I do believe any and all information provided by LLMs should be verified and not blindly trusted, however, I extend that same policy to works from my fellow humans. Of course, no one has the time to verify every single detail of every bit of information one comes across. Hence, at some point, we all must settle on trusting in trust. Knowledge that we cannot verify is not knowledge. It is faith.
[1] https://www.cs.cmu.edu/~rdriley/487/papers/Thompson_1984_Ref...
> But if the knowledge is in a book or comes from another other man-made source, it's some how infallible
Nobody who's ever done research believes that. Everything gets put along a spectrum of trust/accuracy.

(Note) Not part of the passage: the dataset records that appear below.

Definition seq_monv (h n : nat) (q : seq nat) : Vsp h n := coefv h n (fun l => q == l).

Definition coef_sum (h n : nat) (S : seq (seq nat)) (v : Vsp h n) : 'F_2 :=
  \sum_(m : PosMon h n | mon_seq m \in S) v m.

Lemma coef_sum_is_scalar h n S : scalar (@coef_sum h n S).
Proof.
move=> a u v; rewrite /coef_sum mulr_sumr -big_split.
by apply: eq_bigr => m _; rewrite !ffunE.
Qed.

HB.instance Definition _ h n S :=
  GRing.isLinear.Build 'F_2 (Vsp h n) 'F_2 *%R (@coef_sum h n S) (coef_sum_is_scalar S).

Lemma eq_coefv h n (G1 G2 : seq nat -> nat) : G1 =1 G2 -> coefv h n G1 = coefv h n G2.
Proof. by move=> eq_G; apply/ffunP => m; rewrite !ffunE eq_G. Qed.

Lemma coefvD h n (G1 G2 : seq nat -> nat) :
  coefv h n (fun l => G1 l + G2 l)%N = coefv h n G1 + coefv h n G2.
Proof. by apply/ffunP => m; rewrite !ffunE natrD. Qed.

Lemma coefv_sumn h n (T : Type) (r : seq T) (G : T -> seq nat -> nat) :
  coefv h n (fun l => sumn [seq G x l | x <- r]) = \sum_(x <- r) coefv h n (G x).
Proof.
apply/ffunP => m; rewrite sum_ffunE ffunE sumnE big_map natr_sum.
by apply: eq_bigr => x _; rewrite ffunE.
Qed.

Lemma monv_seq_monv h n (m : PosMon h n) : monv m = seq_monv h n (mon_seq m).
Proof. by apply/ffunP => b; rewrite !ffunE (inj_eq (@mon_seq_inj h n)) eq_sym. Qed.

Lemma sqv_coefv h n d (a : PosMon h d) : sqv n (mexp a) = coefv h n (sq_coef_seq (mon_seq a)).
Proof. by apply/ffunP => b; rewrite !ffunE sq_coefE. Qed.

Lemma monv_decomp h n (v : Vsp h n) : v = \sum_m v m *: monv m.
Proof.
apply/ffunP => b; rewrite sum_ffunE (bigD1 b) //= big1 => [|m ne_mb].
  by rewrite !ffunE eqxx addr0; exact/esym/mulr1.
by rewrite !ffunE eq_sym (negbTE ne_mb); exact: mulr0.
Qed.

Lemma coef_sum_coefv h n S G : uniq S -> all (is_composition h n) S ->
  coef_sum S (coefv h n G) = (\sum_(l <- S) G l)%:R.
Proof.
move=> uniq_S comp_S; rewrite natr_sum -(big_mon_seq _ (fun l => (G l)%:R) uniq_S comp_S).
by apply: eq_bigr => m _; rewrite ffunE.
Qed.

Lemma coef_sum_seq_monv h n S q : uniq S -> all (is_composition h n) S ->
  coef_sum S (seq_monv h n q) = (q \in S)%:R.
Proof.
move=> uniq_S comp_S; rewrite coef_sum_coefv // -count_uniq_mem //; congr (_%:R).
by elim: S {uniq_S comp_S} => [|l S IHS]; rewrite ?big_nil // big_cons IHS eq_sym.
Qed.

Lemma coef_sum_monv h n S (m : PosMon h n) : coef_sum S (monv m) = (mon_seq m \in S)%:R.
Proof.
rewrite /coef_sum; have [m_S | m_notS] := boolP (mon_seq m \in S).
  rewrite (bigD1 m) //= big1 => [|b /andP[_ ne_bm]]; rewrite ffunE ?eqxx ?addr0 //.
  by rewrite (negbTE ne_bm).
by rewrite big1 // => b b_S; rewrite ffunE; case: eqP => // eq_bm; rewrite -eq_bm b_S in m_notS.
Qed.

Lemma coefv_Ple h n s G :
  {in compositions h n, forall l, odd (G l) -> weight_le n s l} -> coefv h n G \in Ple h n s.
Proof.
move=> G_le; rewrite [coefv _ _ _]monv_decomp; apply: memv_suml => m _.
have [le_m | nle_m] := boolP (lex_le (wbound n s) (weight (mexp m)) (wvec s)).
  by apply/memvZ; rewrite /Ple (bigD1 m) //=; apply/(subvP (addvSl _ _))/memv_line.
rewrite ffunE natr_F2; case: (boolP (odd _)) => [odd_G | _]; last by rewrite scale0r mem0v.
by rewrite weight_leE G_le ?mem_compositions ?mon_seq_composition in nle_m.
Qed.

Lemma seq_monv_Ple h n s q : weight_le n s q -> seq_monv h n q \in Ple h n s.
Proof. by move=> le_q; apply: coefv_Ple => l _; case: eqP => // <-. Qed.

Lemma seq_monv_Plt h n s q :
  is_composition h n q -> weight_lt n s q -> seq_monv h n q \in Plt h n s.
Proof.
case/mon_seq_onto => m <- lt_m; rewrite -monv_seq_monv /Plt (bigD1 m) ?weight_ltE //=.
exact/(subvP (addvSl _ _))/memv_line.
Qed.

Lemma Plt_sub_Ple h n s : (Plt h n s <= Ple h n s)%VS.
Proof. by apply/subv_sumP => m lt_m; apply: (sumv_sup m) => //; rewrite /lex_le lt_m. Qed.

Lemma sq_coef_Hit h n a : is_composition h (sumn a) a -> (sumn a < n)%N ->
  coefv h n (sq_coef_seq a) \in Hit h n.
Proof.
move=> comp_a lt_an; have lt_k : (n - sumn a < n.+1)%N by rewrite ltnS leq_subr.
have [a' <-] : exists a' : PosMon h (n - Ordinal lt_k), mon_seq a' = a.
  by apply: mon_seq_onto; rewrite subKn // ltnW.
rewrite /Hit (bigD1 (Ordinal lt_k)) ?subn_gt0 // -sqv_coefv.
apply: (subvP (addvSl _ _)); rewrite (bigD1 a') //=.
exact/(subvP (addvSl _ _))/memv_line.
Qed.

Lemma dimv_Ple h n s : (\dim (Ple h n s) <= count (weight_le n s) (compositions h n))%N.
Proof.
rewrite -size_filter -sum1_size /Ple; apply: (leq_trans (dimv_leq_sum _ _ _)).
rewrite -(@big_mon_seq _ _ _ h n _ (fun=> 1%N)) ?filter_uniq ?compositions_uniq //; last first.
  by apply/allP => l; rewrite mem_filter mem_compositions => /andP[].
rewrite big_mkcond [leqRHS]big_mkcond leq_sum // => m _.
rewrite mem_filter mem_compositions mon_seq_composition andbT -weight_leE.
by case: ifP; rewrite ?dim_vline ?leq_b1.
Qed.

Lemma dimQP_small_weight0 h n s : (0 < n)%N -> (wvec s 0 + n < 2 * h)%N -> dimQP h n s = 0%N.
Proof.
move=> n_gt0 lt_w0; rewrite /dimQP /Ple big_pred0 ?dimv0 // => m.
apply: lex_leF_head; first by rewrite leq_max n_gt0 orbT.
by have := weight0_ge m; lia.
Qed.

Definition QPker (h n : nat) (s : seq nat) : {vspace Vsp h n} :=
  ((Hit h n :&: Ple h n s) + Plt h n s)%VS.

Lemma coef_sum_Plt h n s S : all (fun l => ~~ weight_lt n s l) S ->
  {in Plt h n s, forall v, coef_sum S v = 0}.
Proof.
move=> nlt_S _ /memv_sumP[vs vs_line ->]; rewrite linear_sum big1 // => m lt_m.
have /vlineP[k ->] := vs_line m lt_m; rewrite scalarZ /= coef_sum_monv.
have m_notS : mon_seq m \notin S by apply: contraL lt_m => /(allP nlt_S); rewrite weight_ltE.
by rewrite (negbTE m_notS) mulr0.
Qed.

Definition kills_hit (h n : nat) (S : seq (seq nat)) : bool :=
  all (fun k => all (fun a => ~~ odd (sumn [seq sq_coef_seq a l | l <- S]))
                    (compositions h (n - k)))
      (iota 1 n).

Lemma coef_sum_Hit h n S : uniq S -> all (is_composition h n) S -> kills_hit h n S ->
  {in Hit h n, forall v, coef_sum S v = 0}.
Proof.
move=> uniq_S comp_S kills_S _ /memv_sumP[vs vs_Sq ->]; rewrite linear_sum big1 // => k k_gt0.
have /memv_sumP[ws ws_line ->] := vs_Sq k k_gt0; rewrite linear_sum big1 // => a _.
have /vlineP[c ->] := ws_line a isT; rewrite scalarZ /= sqv_coefv coef_sum_coefv // natr_F2.
have k_in : (k : nat) \in iota 1 n by rewrite mem_iota k_gt0 add1n ltn_ord.
have a_in : mon_seq a \in compositions h (n - k) by rewrite mem_compositions mon_seq_composition.
have := allP (allP kills_S _ k_in) _ a_in.
by rewrite sumnE big_map => /negbTE ->; rewrite mulr0.
Qed.

Definition kills_QPker (h n : nat) (s : seq nat) (S : seq (seq nat)) : bool :=
  [&& uniq S, all (is_composition h n) S, all (fun l => ~~ weight_lt n s l) S & kills_hit h n S].

Lemma coef_sum_QPker h n s S : kills_QPker h n s S -> {in QPker h n s, forall v, coef_sum S v = 0}.
Proof.
case/and4P=> uniq_S comp_S nlt_S kills_S _ /memv_addP[u /memv_capP[u_Hit _] [w w_Plt ->]].
by rewrite raddfD /= coef_sum_Hit // (coef_sum_Plt nlt_S) // addr0.
Qed.

(** * Dimension certificates *)

(* An entry (S, q) of a quot_cert stands for the monomial with exponents q and
   the functional summing the coefficients of the monomials listed in S.
   An entry (A, B, p) of a sub_cert stands for the element
   sum_(a in A) Sq(t^a) + sum_(b in B) t^b of QPker, paired with the
   coefficient of t^p. *)
Notation quot_cert := (seq (seq (seq nat) * seq nat)).
Notation sub_cert := (seq (seq (seq nat) * seq (seq nat) * seq nat)).

Definition quot_cert_ok (h n : nat) (s : seq nat) (C : quot_cert) : bool :=
  all (fun c => [&& kills_QPker h n s c.1, is_composition h n c.2 & weight_le n s c.2]) C
  && dual_seq ([::], [::]) (fun c c' => c'.2 \in c.1) C.

Lemma quot_cert_dim h n s C : quot_cert_ok h n s C ->
  (\dim (QPker h n s) + size C <= \dim (Ple h n s))%N.
Proof.
case/andP=> /allP C_ok dual_C; have C_dual := dual_seqP dual_C.
set x0 := ([::], [::]) in C_dual.
have nth_ok i (lt_i : (i < size C)%N) := C_ok _ (mem_nth x0 lt_i).
rewrite -(size_map (fun c => seq_monv h n c.2)).
apply: (@dimv_add_dual _ _ (fun i => coef_sum (nth x0 C i).1)).
- move=> i j; rewrite !size_map => lt_i lt_j; rewrite (nth_map x0) // -C_dual //.
  have /and3P[/and4P[uniq_L comp_L _ _] _ _] := nth_ok i lt_i.
  by rewrite /= coef_sum_seq_monv.
- by rewrite subv_add capvSr Plt_sub_Ple.
- by move=> _ /mapP[c /C_ok /and3P[_ _ le_q] ->]; apply: seq_monv_Ple.
- move=> i; rewrite size_map => lt_i; apply: coef_sum_QPker.
  by have /and3P[] := nth_ok i lt_i.
Qed.

Definition sub_coef (x : seq (seq nat) * seq (seq nat)) (l : seq nat) : nat :=
  sumn [seq sq_coef_seq a l | a <- x.1] + count_mem l x.2.

Definition sub_cert_ok (h n : nat) (s : seq nat) (D : sub_cert) : bool :=
  all (fun d => let: (A, B, p) := d in
         [&& all (fun a => is_composition h (sumn a) a && (sumn a < n)%N) A,
             all (fun b => is_composition h n b && weight_lt n s b) B,
             all (fun l => odd (sumn [seq sq_coef_seq a l | a <- A]) ==> weight_le n s l)
                 (compositions h n)
           & is_composition h n p]) D
  && dual_seq ([::], [::], [::]) (fun d d' => odd (sub_coef d'.1 d.2)) D.

Lemma sub_coef_QPker h n s A B :
  all (fun a => is_composition h (sumn a) a && (sumn a < n)%N) A ->
  all (fun b => is_composition h n b && weight_lt n s b) B ->
  all (fun l => odd (sumn [seq sq_coef_seq a l | a <- A]) ==> weight_le n s l) (compositions h n) ->
  coefv h n (sub_coef (A, B)) \in QPker h n s.
Proof.
move=> /allP A_ok /allP B_ok /allP hit_le; rewrite coefvD; apply: memv_add.
  rewrite memv_cap coefv_Ple ?andbT => [|l /hit_le/implyP //].
  rewrite coefv_sumn big_seq; apply: memv_suml => a /A_ok /andP[comp_a lt_a].
  exact: sq_coef_Hit.
rewrite (@eq_coefv h n _ (fun l => sumn [seq (b == l) : nat | b <- B])) => [|l]; last first.
  by rewrite sumn_count.
rewrite coefv_sumn big_seq; apply: memv_suml => b /B_ok /andP[comp_b lt_b].
exact: seq_monv_Plt.
Qed.

Lemma sub_cert_dim h n s D : sub_cert_ok h n s D -> (size D <= \dim (QPker h n s))%N.
Proof.
case/andP=> /allP D_ok dual_D; have D_dual := dual_seqP dual_D.
set x0 := ([::], [::], [::]) in D_dual.
rewrite -(size_map (fun d => coefv h n (sub_coef d.1))).
apply: (@dual_size_le_dimv _ _ (fun i => coef_sum [:: (nth x0 D i).2])).
- move=> i j; rewrite !size_map => lt_i lt_j; rewrite (nth_map x0) // -D_dual //.
  case: (nth x0 D i) (D_ok _ (mem_nth x0 lt_i)) => [[A B] p] /and4P[_ _ _ comp_p].
  by rewrite /= coef_sum_coefv //= ?comp_p // big_seq1 natr_F2.
- by move=> _ /mapP[[[A B] p] /D_ok /and4P[A_ok B_ok hit_le _] ->]; apply: sub_coef_QPker.
Qed.

Definition cert_ok (h n : nat) (s : seq nat) (C : quot_cert) (D : sub_cert) : bool :=
  [&& quot_cert_ok h n s C, sub_cert_ok h n s D
    & size D + size C == count (weight_le n s) (compositions h n)]%N.

Theorem dimQP_cert h n s C D : cert_ok h n s C D -> dimQP h n s = size C.
Proof.
case/and3P=> /quot_cert_dim le_C /sub_cert_dim le_D /eqP size_DC.
have le_Ple := dimv_Ple h n s; rewrite /dimQP -/(QPker h n s); lia.
Qed.

Lemma map_dimQP_cert h n ws (certs : seq (quot_cert * sub_cert)) :
  all2 (fun s c => cert_ok h n s c.1 c.2) ws certs ->
  map (dimQP h n) ws = [seq size c.1 | c <- certs].
Proof.
by elim: ws certs => [|s ws IHws] [|c certs] //= /andP[/dimQP_cert -> /IHws ->].
Qed.

Local Close Scope ring_scope.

You should be able to say what you believe, what you base that belief on, what it would take to disprove that belief, and how likely you think it is to be disproven.
That's why you do research from as many primary sources as you can, because yeah, otherwise you're reading someone else's interpretation. Sometimes you can't do that (you don't read the language, etc) and then you have to judge the quality of the interpretation.
It's an enormous amount of work to write a book, and making things up doesn't make that process a whole lot easier. So most people try to be accurate. Especially with editors and such doublechecking work. I still always judge the quality of the work as I'm reading it.
LLMs just flat out can't be trusted. They're endless fountains of words and aren't accurate by nature. They're fine if you already know the answer, and not fine if you don't.
This is great, your final line summarizes my thoughts as well. When it comes to matters of faith your average Redditor and Hacker News commenter will heap scorn and derision on religious people for accepting things blindly without any proof, yet they will blindly accept what other people tell them is true, or now what an LLM says is true.
Before AI, the smartest human still had to pass the paywall to access paywalled content.
AI has exacerbated the Internet's "content must be free or else does not exist" trend.
It's just not interesting to challenge an AI to write professional research content without giving it access to research conetent. Without access, it's just going to paraphrase what's already available.